With a laugh, I tugged him back by his shirt. “That window is probably rusted shut.”

Nate looked at me, then the window, then the mouse. “I’ll break the glass.”

“Isn’t it weird that it’s not running from us? Shouldn’t it be scared of us?”

“It’s probably a demon.”

“If you start praying in tongues, I’m going to leave you here to deal with it yourself.”

A door slammed somewhere in the house.

The mouse—duplicitous little rat that it was—scurried toward a vent in the wall and disappeared inside.

“Where are you?” Wren’s voice carried through the house.

“In the bedroom!”

“Oh, please no. There are some things I can’t unsee!” she whined as she opened the door. “Oh good. You have clothes on.”

“What kinds of TV have you been watching?” I gasped. “Of course we have clothes on!”

“Hmm, yes. Also, the stork dropped me off on Mom’s doorstep.”

“Why do you have a tire iron?”

She narrowed her eyes at me. “You called me, screaming bloody murder. What else were we going to do?”

She leaned to the side so that I could see Macy standing behind her, holding our only frying pan. “Looking very Rapunzel-y, Macy.”

She grinned. “Thanks. I have been trying to grow my hair out...”

“What is going on in here?” another voice called from the front door.

I hopped off the bed. Nate slowly stepped off. “Just a mouse. It was chasing us around the house.”

“What?” Wren laughed. “You two were screaming like that over a mouse?”

The four of us shuffled into the living room. Eldon stood there with a wrench in one hand. “Eldon, what are you doing here?”

“I heard the screaming. I came over to see if I could help.”

“It’s just a mouse. There isn’t much to help with, unfortunately.”

“You catch the feller?”

“The fellow,” I said, “is still running around the house.”

“I’ll catch him.”

And that was how Eldon ended up going on a witch hunt in Nate’s single-wide. No stone was left unturned. No warped laminate floor was left untouched.

The doorbell rang, interrupting our entertainment of watching Eldon chase after a phantom. I noticed that Nate wasn’t about to help look. He was only too happy to stay away.

Nate opened the door, and Sam and Elise burst in, Sam carrying a six-pack of beer. “What’s going on?” Elise demanded.

“Mouse hunt,” Nate informed them.

“We brought drinks.” They brushed past the pizza girl and into the house, hurrying down the hall after Eldon.

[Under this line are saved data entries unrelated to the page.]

Lemma is_RInt_partition (g : R -> R) (x : nat -> R) M :
  (forall j, (j < M)%nat -> ex_RInt g (x j) (x (S j))) ->
  is_RInt g (x 0%nat) (x M) (sumR M (fun j => RInt g (x j) (x (S j)))).
Proof.
  induction M; simpl; intros H.
  - exact (@is_RInt_point R_NormedModule g (x 0%nat)).
  - apply (is_RInt_Chasles g _ (x M)); [apply IHM; intros; apply H; lia|].
    apply (@RInt_correct R_CompleteNormedModule). apply H; lia.
Qed.

Lemma vnorm_nonneg N v : 0 <= vnorm N v.
Proof. apply sqrt_pos. Qed.

Lemma Rabs_le_vnorm N v i : (i < N)%nat -> Rabs (v i) <= vnorm N v.
Proof.
  intros Hi. unfold vnorm. rewrite <- sqrt_Rsqr_abs. apply sqrt_le_1_alt.
  unfold Rsqr. replace (v i * v i) with (v i ^ 2) by ring.
  apply (sumR_ge_term N (fun i => v i ^ 2)); auto. intros; apply pow2_ge_0.
Qed.

Lemma vnorm_le_sumR_abs N v : vnorm N v <= sumR N (fun i => Rabs (v i)).
Proof.
  assert (Hs : 0 <= sumR N (fun i => Rabs (v i))) by (apply sumR_nonneg; intros; apply Rabs_pos).
  unfold vnorm. rewrite <- (sqrt_pow2 _ Hs). apply sqrt_le_1_alt.
  clear Hs. induction N; simpl; [lra|].
  assert (0 <= sumR N (fun i => Rabs (v i))) by (apply sumR_nonneg; intros; apply Rabs_pos).
  assert (Rabs (v N) ^ 2 = v N ^ 2) by (rewrite <- !Rsqr_pow2, <- Rsqr_abs; auto).
  pose proof (Rabs_pos (v N)). simpl in IHN. nra.
Qed.

Lemma vnorm_lt N v e :
  0 < e -> (forall k, (k < N)%nat -> Rabs (v k) < e / (INR N + 1)) -> vnorm N v < e.
Proof.
  intros He H. pose proof (pos_INR N).
  apply Rle_lt_trans with (INR N * (e / (INR N + 1))).
  - eapply Rle_trans; [apply vnorm_le_sumR_abs|]. rewrite <- sumR_const.
    apply sumR_le. intros; left; auto.
  - apply Rmult_lt_reg_r with (INR N + 1); [lra|].
    replace (INR N * (e / (INR N + 1)) * (INR N + 1)) with (INR N * e) by (field; lra). nra.
Qed.

Lemma vnorm_eq0 N v : (forall i, (i < N)%nat -> v i = 0) -> vnorm N v = 0.
Proof.
  intros H. unfold vnorm. rewrite (sumR_ext N _ (fun _ => 0)), sumR_zero; [apply sqrt_0|].
  intros i Hi. rewrite H; auto. ring.
Qed.

Lemma vnorm_sqr N v : vnorm N v * vnorm N v = sumR N (fun i => v i ^ 2).
Proof. apply sqrt_sqrt, sumR_nonneg. intros; apply pow2_ge_0. Qed.

Definition clamp (a b x : R) : R := Rmax a (Rmin b x).

Lemma clamp_in a b x : a <= b -> a <= clamp a b x <= b.
Proof. intros. unfold clamp, Rmax, Rmin. repeat destruct Rle_dec; lra. Qed.

Lemma clamp_id a b x : a <= x <= b -> clamp a b x = x.
Proof. intros. unfold clamp, Rmax, Rmin. repeat destruct Rle_dec; lra. Qed.

Lemma clamp_low a b x : x <= a -> a <= b -> clamp a b x = a.
Proof. intros. unfold clamp, Rmax, Rmin. repeat destruct Rle_dec; lra. Qed.

Lemma clamp_high a b x : b <= x -> a <= b -> clamp a b x = b.
Proof. intros. unfold clamp, Rmax, Rmin. repeat destruct Rle_dec; lra. Qed.

Lemma clamp_lipschitz a b x y : a <= b -> Rabs (clamp a b y - clamp a b x) <= Rabs (y - x).
Proof.
  intros. unfold clamp, Rmax, Rmin.
  repeat destruct Rle_dec; unfold Rabs; repeat destruct Rcase_abs; lra.
Qed.

Lemma continuity_pt_eps f x :
  (forall eps, 0 < eps -> exists d, 0 < d /\
     forall y, Rabs (y - x) < d -> Rabs (f y - f x) < eps) ->
  continuity_pt f x.
Proof.
  intros H eps Heps. destruct (H eps Heps) as [d [Hd H']].
  exists d; split; auto. intros y [_ Hy]. apply H'. exact Hy.
Qed.

Lemma continuity_pt_eps_inv f x : continuity_pt f x ->
  forall eps, 0 < eps -> exists d, 0 < d /\
    forall y, Rabs (y - x) < d -> Rabs (f y - f x) < eps.
Proof.
  intros H eps Heps. destruct (H eps Heps) as [d [Hd H']].
  exists d; split; auto. intros y Hy.
  destruct (Req_dec x y) as [<-|Hne]; [rewrite Rminus_diag, Rabs_R0; auto|].
  apply H'. split; [split; [exact I|auto]|exact Hy].
Qed.

Lemma continuity_pt_clamp a b x : a <= b -> continuity_pt (clamp a b) x.
Proof.
  intros Hab. apply continuity_pt_eps. intros eps He. exists eps; split; auto.
  intros y Hy. eapply Rle_lt_trans; [apply clamp_lipschitz|]; auto.
Qed.

(* Continuity of [g] on the closed interval [a, b], one-sided at the ends,
   encoded as continuity of [g] composed with the clamp onto [a, b]. *)
Definition cont_on_closed (a b : R) (g : R -> R) : Prop :=
  forall x, continuity_pt (fun y => g (clamp a b y)) x.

Nate tipped for the pizza then took a big sniff as he carried it into the kitchen. “Perfect. I’m starved.”

“Me too!” Macey said as she set down the frying pan on the counter. “What kind did you get?”

“You already ate dinner,” Wren reminded her.

“But I’m hungry again.” They both shrugged, grabbed the pizza box from Nate, then took it into the living room. I grabbed a plate and threw a piece of pizza on it.

“This is what our future is going to be like, isn’t it?” Nate quietly asked, as if any of the other crazy people would overhear him.

“This is what our life is like now. We don’t even have to wait for that future.” I laughed.

“I’m just glad you’re a part of that future.”

How could he get away with being so romantic?